All these variables can be fed into a probabilistic model of pages—here's one example, lifted from the anonymity bibliography. Defeating that one example doesn't mean that the distribution of data an attacker on the network learns for one page is indistinguishable from another page, just that that particular distinguisher isn't as effective.
So, are you, as the eavesdropper, guaranteed to be able to read the URL off the wire? No: it is encrypted in the TLS stream (unless the NULL cipher is chosen!), so at best you can infer it from other observable variables with probabilistic dependencies on it.
On the other hand, is the victim guaranteed that their URL is concealed from an eavesdropper? No: there are many variables dependent on the URL that an attacker may be able to infer juicy information about, like which sexually transmitted disease you're reading about at the Mayo Clinic.
(Note that anything in the fragment of a URL—the part after the # mark in https://en.wikipedia.org/wiki/Cryptography#Terminology—is not transmitted in the HTTP GET request at all, unless there is some script on the page that triggers different network traffic dependent on the URL fragment.)
The URL as you say is inside HTTP headers which are, like the HTTP body, inside the TLS stream, which means they are encrypted.

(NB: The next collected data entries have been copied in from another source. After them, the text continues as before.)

Lemma rpow_plus x a c : rpow x (a + c) = rpow x a * rpow x c.
Proof. exact: Rpower_plus. Qed.

Lemma rpow_rpow x a c : rpow (rpow x a) c = rpow x (a * c).
Proof. exact: Rpower_mult. Qed.

Lemma rpow_opp x a : rpow x (- a) = / rpow x a.
Proof. exact: Rpower_Ropp. Qed.

Lemma rpow_1 x : 0 < x -> rpow x 1 = x.
Proof. exact: Rpower_1. Qed.

Lemma rpow_0 x : 0 < x -> rpow x 0 = 1.
Proof. exact: Rpower_O. Qed.

Lemma rpow_sub1 x c : 0 < x -> rpow x (c - 1) = rpow x c / x.
Proof. by move=> x_gt0; rewrite (_ : c - 1 = c + - 1) ?rpow_plus ?rpow_opp ?rpow_1 //; ring. Qed.

Lemma rpow_opp_div x a b : rpow x (- a / b) = / rpow x (a / b).
Proof. by rewrite -rpow_opp /Rdiv Ropp_mult_distr_l. Qed.

Lemma ln_rpow x e : ln (rpow x e) = e * ln x.
Proof. exact: ln_Rpower. Qed.

Lemma rpow_mul x y e : 0 < x -> 0 < y -> rpow (x * y) e = rpow x e * rpow y e.
Proof. by move=> x_gt0 y_gt0; rewrite /rpow Rpower_mult_distr. Qed.

Lemma rpow_le_antitone x y e : 0 < x <= y -> e <= 0 -> rpow y e <= rpow x e.
Proof.
move=> xy e_le0; have inv t : rpow t e = / rpow t (- e) by rewrite -rpow_opp Ropp_involutive.
rewrite !inv; apply: Rinv_le_contravar; first exact: rpow_gt0.
by apply: Rle_Rpower_l; lra.
Qed.

Lemma rpow_lt_antitone x y e : 0 < x < y -> e < 0 -> rpow y e < rpow x e.
Proof.
move=> xy e_lt0; have inv t : rpow t e = / rpow t (- e) by rewrite -rpow_opp Ropp_involutive.
rewrite !inv; apply: Rinv_lt_contravar; first by apply: Rmult_lt_0_compat; apply: rpow_gt0.
by apply: Rlt_Rpower_l; lra.
Qed.

Lemma rpow_inv_exponent b e : 0 < b -> e <> 0 -> rpow (rpow b (1 / e)) e = b.
Proof. by move=> b_gt0 e_neq0; rewrite rpow_rpow (_ : 1 / e * e = 1) ?rpow_1 //; field. Qed.

Lemma is_derive_rpow e y : 0 < y -> is_derive (fun x => rpow x e) y (e * rpow y (e - 1)).
Proof. by move=> y_gt0; apply/is_derive_Reals/derivable_pt_lim_power. Qed.

Lemma Derive_rpow e y : 0 < y -> Derive (fun x => rpow x e) y = e * rpow y (e - 1).
Proof. by move=> y_gt0; apply/is_derive_unique/is_derive_rpow. Qed.

Lemma rpow_pred_le x b p : 0 < b -> p < 1 -> rpow b (1 / (p - 1)) <= x -> rpow x (p - 1) <= b.
Proof.
move=> b_gt0 p_lt1 bx; rewrite -(rpow_inv_exponent b (p - 1) b_gt0); last lra.
by apply: rpow_le_antitone; [split; [apply: rpow_gt0 | done] | lra].
Qed.

Lemma rpow_pred_gt x b p : 0 < b -> p < 1 -> 0 < x < rpow b (1 / (p - 1)) -> b < rpow x (p - 1).
Proof.
move=> b_gt0 p_lt1 xb; rewrite -(rpow_inv_exponent b (p - 1) b_gt0); last lra.
by apply: rpow_lt_antitone; lra.
Qed.

Lemma ln_le_sub1 {x} : 0 < x -> ln x <= x - 1.
Proof. by move=> x_gt0; have := exp_ineq1_le (ln x); rewrite exp_ln //; lra. Qed.

Definition strictly_increasing_on_Icc (g : R -> R) (a b : R) : Prop :=
  forall x y, a <= x -> x < y -> y <= b -> g x < g y.

Definition convex_decreasing_on (f : R -> R) (a b : R) : Prop :=
  continuous_on_Icc f a b /\ strictly_convex_on_Icc f a b /\ decreasing_on_Icc f a b.

Lemma convex_decreasing_on_ext f g a b :
  (forall y, a <= y <= b -> f y = g y) ->
  convex_decreasing_on g a b -> convex_decreasing_on f a b.
Proof.
move=> fg [g_cont [g_convex g_decr]]; split; [|split].
- move=> x x_ab; rewrite fg //.
  apply: (filterlim_ext_loc g); last exact: g_cont.
  by rewrite /within; apply: filter_forall => y y_ab; rewrite fg.
- move=> x y t x_ab y_ab xy t01.
  have txy_ab : a <= t * x + (1 - t) * y <= b by case: x_ab; case: y_ab; split; nra.
  by rewrite !fg //; apply: g_convex.
- by move=> x y ax xy yb; rewrite !fg; try lra; apply: g_decr.
Qed.

Section DerivativeCriterion.
Variables (f g : R -> R) (a b : R).
Hypothesis f_derive : forall x, a <= x <= b -> is_derive f x (g x).
Hypothesis g_incr : strictly_increasing_on_Icc g a b.

Lemma mvt_Icc x y : a <= x -> x < y -> y <= b ->
  exists c, x < c < y /\ f y - f x = g c * (y - x).
Proof.
move=> ax xy yb.
have [c [fc c_xy]] : exists c, f y - f x = g c * (y - x) /\ x < c < y.
  by apply: MVT_cor2 => // c c_xy; apply/is_derive_Reals/f_derive; lra.
by exists c.
Qed.

Lemma continuous_on_Icc_of_derive : continuous_on_Icc f a b.
Proof.
move=> x x_ab; apply: filterlim_filter_le_1; first exact: filter_le_within.
by apply: ex_derive_continuous; exists (g x); apply: f_derive.
Qed.

Lemma strictly_convex_on_Icc_of_derive : strictly_convex_on_Icc f a b.
Proof.
have convex_lt : forall x y t, a <= x -> x < y -> y <= b -> 0 < t < 1 ->
    f (t * x + (1 - t) * y) < t * f x + (1 - t) * f y.
  move=> x y t ax xy yb t01; set s := t * x + (1 - t) * y.
  have [c1 [c1_xs f_xs]] : exists c, x < c < s /\ f s - f x = g c * (s - x).
    by apply: mvt_Icc; rewrite /s; nra.
  have [c2 [c2_sy f_sy]] : exists c, s < c < y /\ f y - f s = g c * (y - s).
    by apply: mvt_Icc; rewrite /s; nra.
  have g12 : g c1 < g c2 by apply: g_incr; lra.
  have sx : s - x = (1 - t) * (y - x) by rewrite /s; ring.
  have ys : y - s = t * (y - x) by rewrite /s; ring.
  rewrite sx in f_xs; rewrite ys in f_sy.
  have : 0 < t * (1 - t) * (y - x) by apply: Rmult_lt_0_compat; nra.
  nra.
move=> x y t [ax xb] [ay yb] x_neq_y t01.
case: (Rlt_or_le x y) => [xy|yx]; first exact: convex_lt.
have -> : t * x + (1 - t) * y = (1 - t) * y + (1 - (1 - t)) * x by ring.
have -> : t * f x + (1 - t) * f y = (1 - t) * f y + (1 - (1 - t)) * f x by ring.
by apply: convex_lt; lra.
Qed.

Lemma decreasing_on_Icc_of_derive : g b <= 0 -> decreasing_on_Icc f a b.
Proof.
move=> gb_le0 x y ax xy yb.
case: (Req_dec x y) => [->|x_neq_y]; first lra.
have [c [c_xy fxy]] : exists c, x < c < y /\ f y - f x = g c * (y - x) by apply: mvt_Icc; lra.
have : g c < g b by apply: g_incr; lra.
nra.
Qed.

Lemma convex_decreasing_on_of_derive : g b <= 0 -> convex_decreasing_on f a b.
Proof.
move=> gb_le0; split; first exact: continuous_on_Icc_of_derive.
by split; [exact: strictly_convex_on_Icc_of_derive | exact: decreasing_on_Icc_of_derive].
Qed.

End DerivativeCriterion.

Lemma strictly_increasing_of_derive_pos (g dg : R -> R) (l r : R) :
  (forall x, l <= x <= r -> is_derive g x (dg x)) -> (forall x, l <= x <= r -> 0 < dg x) ->
  strictly_increasing_on_Icc g l r.
Proof.
move=> g_derive dg_gt0 x y lx xy yr.
by apply: (incr_function_le g l r dg) => //= t lt tr; [apply: g_derive | apply: dg_gt0].
Qed.

Definition glue (c : R) (Q P : R -> R) (y : R) : R := if Rlt_dec c y then Q y else P y.

Lemma glue_left {c Q P y} : y <= c -> glue c Q P y = P y.
Proof. by move=> yc; rewrite /glue; case: Rlt_dec => // cy; lra. Qed.

Lemma glue_right {c Q P y} : P c = Q c -> c <= y -> glue c Q P y = Q y.
Proof.
move=> PQc cy; rewrite /glue; case: Rlt_dec => // not_cy /=.
by have -> : y = c by lra.
Qed.

Lemma glue_is_derive (P Q dP dQ : R -> R) c x :
  is_derive P x (dP x) -> is_derive Q x (dQ x) -> P c = Q c -> dP c = dQ c ->
  is_derive (glue c Q P) x (glue c dQ dP x).
Proof.
move=> dPx dQx PQc dPQc.
case: (Rtotal_order x c) => [xc|[xc|cx]].
- rewrite glue_left; last lra.
  apply: (is_derive_ext_loc P) dPx.
  apply: (filter_imp (fun y => y < c)); last exact: open_lt.
  by move=> y yc; rewrite glue_left //; lra.
- subst x; rewrite glue_left; last lra.
  move/is_derive_Reals: dPx => dPx; move/is_derive_Reals: dQx => dQx.
  apply/is_derive_Reals => eps eps_gt0.
  have [d1 dP_close] := dPx eps eps_gt0; have [d2 dQ_close] := dQx eps eps_gt0.
  have d_gt0 : 0 < Rmin d1 d2 by apply: Rmin_pos; [apply: cond_pos | apply: cond_pos].
  exists (mkposreal _ d_gt0) => h h_neq0 /= h_small.
  have [h1 h2] : Rabs h < d1 /\ Rabs h < d2.
    by split; apply: Rlt_le_trans h_small _; [apply: Rmin_l | apply: Rmin_r].
  rewrite (glue_left (Rle_refl c)) /glue; case: Rlt_dec => side /=.
  + by rewrite PQc dPQc; apply: dQ_close.
  + exact: dP_close.
- rewrite glue_right //; last lra.
  apply: (is_derive_ext_loc Q) dQx.
  apply: (filter_imp (fun y => c < y)); last exact: open_gt.
  by move=> y cy; rewrite glue_right //; lra.
Qed.

Lemma glue_strictly_increasing P Q c l r : l <= c <= r ->
  strictly_increasing_on_Icc P l c -> strictly_increasing_on_Icc Q c r -> P c = Q c ->
  strictly_increasing_on_Icc (glue c Q P) l r.
Proof.
move=> lcr P_incr Q_incr PQc x y lx xy yr.
case: (Rle_or_lt y c) => [yc|cy]; first by rewrite !glue_left; try lra; apply: P_incr.
rewrite (glue_right PQc (Rlt_le _ _ cy)).
case: (Rle_or_lt c x) => [cx|xc]; first by rewrite glue_right //; apply: Q_incr.
rewrite glue_left; last lra.
apply: (Rle_lt_trans _ (P c)).
  by case: (Req_dec x c) => [->|x_neq_c]; [lra | apply/Rlt_le/P_incr; lra].
by rewrite PQc; apply: Q_incr; lra.
Qed.

Section DualPieces.
Variables (al rho beta p kappa z : R).
Hypotheses (al_gt0 : 0 < al) (beta_gt0 : 0 < beta) (p_lt1 : p < 1) (kappa_gt0 : 0 < kappa).

Local Notation e := (- rho / al).
Local Notation q := (p / (p - 1)).

Definition piece (c1 c2 c0 c3 c4 y : R) : R :=
  c1 * y + c2 * rpow y e + c0 + c3 * (y * ln (y / beta)) + c4 * rpow y q
  + z * psiC beta kappa y.

Definition piece_d (c1 c2 c3 c4 y : R) : R :=
  c1 + c2 * (e * rpow y (e - 1)) + c3 * (ln (y / beta) + 1) + c4 * (q * rpow y (q - 1))
  + z * (1 - rpow beta (1 - kappa) * rpow y (kappa - 1)).

Definition piece_dd (c2 c3 c4 y : R) : R :=
  c2 * (e * (e - 1) * rpow y (e - 2)) + c3 / y + c4 * (q * (q - 1) * rpow y (q - 2))
  + z * ((1 - kappa) * rpow beta (1 - kappa) * rpow y (kappa - 2)).

Lemma piece_is_derive c1 c2 c0 c3 c4 y : 0 < y ->
  is_derive (piece c1 c2 c0 c3 c4) y (piece_d c1 c2 c3 c4 y).
Proof.
move=> y_gt0; rewrite /piece /piece_d /psiC.
auto_derive.
  repeat split; try (eexists; apply: is_derive_rpow); try lra.
  by apply: Rdiv_lt_0_compat.
rewrite !Derive_rpow // -/(y / beta); field; lra.
Qed.

Lemma piece_d_is_derive c1 c2 c3 c4 y : 0 < y ->
  is_derive (piece_d c1 c2 c3 c4) y (piece_dd c2 c3 c4 y).
Proof.
move=> y_gt0; rewrite /piece_d /piece_dd.
auto_derive.
  repeat split; try (eexists; apply: is_derive_rpow); try lra.
  by apply: Rdiv_lt_0_compat.
rewrite !Derive_rpow // -/(y / beta).
rewrite (_ : e - 1 - 1 = e - 2); last ring.
rewrite (_ : q - 1 - 1 = q - 2); last ring.
rewrite (_ : kappa - 1 - 1 = kappa - 2); last ring.
field; lra.
Qed.

End DualPieces.

Section JunctionPowers.
Variables (al rho p beta x : R).
Hypotheses (al_gt0 : 0 < al) (p_lt1 : p < 1) (beta_gt0 : 0 < beta) (x_gt0 : 0 < x).

Local Notation E := (expoE al rho p).

Lemma rpow_junction_e : rpow (rpow x (p - 1)) (- rho / al) = rpow x p / rpow x E.
Proof.
rewrite rpow_rpow (_ : (p - 1) * (- rho / al) = p + - E); last by rewrite /expoE; field; lra.
by rewrite rpow_plus rpow_opp.
Qed.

You can derive the server name by sniffing for DNS requests before the HTTPS request, but you may not get results, if the name is already in the local cache for example.
The URL is also encrypted while you use TLS communication method. There is no way to find out the content or resource URL by sniffing the secure HTTPS traffic. But still security best practices recommend to not to send any sensitive information through HTTP query strings. The reason is it can be cached in your browser or logged in your servers.